From the article: _"Minimiaztion [sic], in essence, is the legal term for the
constraints placed upon the government's ability to retain non-relevant
private information collected legally. Here is the technical definition of
"minimization," as supplied by 50 U.S.C. 1806 (A):_

    
    
        Information acquired from an electronic surveillance conducted pursuant 
        to this subchapter concerning any United States person may be used 
        and disclosed by Federal officers and employees without the consent of 
        the United States person only in accordance with the minimization 
        procedures required by this subchapter. No otherwise privileged 
        communication obtained in accordance with, or in violation of, the 
        provisions of this subchapter shall lose its privileged character.

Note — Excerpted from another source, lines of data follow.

Lemma max_elim_cdels (F : {set 'I_n}) : #|F| = d ->
  (forall x, x \in F -> val x <= setmax e -> x \in e) -> F \in C_i.
Proof.
move=> cardF lowF; rewrite mem_cdels inE cardF eqxx /=.
apply/allP => A Ai; apply: contraNN nth_notin_take => subAF.
have [cardA _] : #|A| = d.-1 /\ setmax A < n.-1.
  by have := mem_take Ai; rewrite mem_max_order => /andP [/eqP].
suff <- : A = e by [].
apply/eqP; rewrite eqEcard cardA card_max_elim leqnn andbT.
apply/subsetP => x xA; apply: lowF; first exact: subsetP subAF x xA.
exact: leq_trans (leq_setmax xA) (setmax_take Ai).
Qed.

(* If c |: e survives with c below max e, then c |: (e :\ max e) is a
   (d-1)-set of smaller maximum, hence deleted earlier, and it lies in c |: e. *)
Lemma max_elim_nbh c : c \in nbh C_i e -> setmax e < val c.
Proof.
have carde := card_max_elim.
rewrite inE mem_cdels inE => /andP [/eqP cardcE avoid].
have ce : c \notin e.
  by apply: contra_eqN cardcE => ce; rewrite (setUidPr _) ?sub1set // carde; lia.
have [M Me maxM] : exists2 M, M \in e & val M = setmax e.
  by apply: setmax_mem; rewrite -card_gt0 carde; lia.
rewrite ltnNge; apply/negP => le_c_e.
have ltcM : val c < val M.
  rewrite ltn_neqAle maxM le_c_e andbT -maxM; apply: contraNN ce => /eqP /val_inj ->.
  by rewrite Me.
pose A := c |: (e :\ M).
have cardA : #|A| = d.-1.
  have := cardsD1 M e; rewrite Me carde cardsU1 !inE (negbTE ce) andbF /=; lia.
have lt_A_e : setmax A < setmax e.
  apply: setmax_lt; first by lia.
  move=> x; rewrite -maxM !inE => /orP [/eqP -> //|/andP [xM xe]].
  exact: ltn_setmax_neq maxM xe xM.
have As : A \in s.
  by rewrite mem_max_order cardA eqxx (ltn_trans lt_A_e setmax_max_elim).
have Ai : A \in take i s.
  by apply: contraTT lt_A_e => /(setmax_drop As); rewrite leqNgt.
by move/allP/(_ A Ai): avoid; rewrite setUS // subD1set.
Qed.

No 
        information acquired from an electronic surveillance pursuant to this 
        subchapter may be used or disclosed by Federal officers or employees 
        except for lawful purposes.
    

_"So -- the saving grace for civil liberties is the requirement that the
government get rid of the information it accidentally or incidentally collects
on people that isn't considered foreign intelligence information."_

------
stfu
So we are reaching a stage where government is not just dancing around hot
issues but by now they apparently don't even pretend to give a crap anymore.

Unfortunately there are still enough people around whos' reaction to this is
"let's start and online petition and beg the administration to declassify all
the "and"s in the text".

------
D9u
The best way to beat the censors is for multiple parties to request the same
data at different times.

Oftentimes the resulting FOIA documents will be redacted in differing ways,
allowing the various parties to "compare notes" and hopefully piece together
the complete picture.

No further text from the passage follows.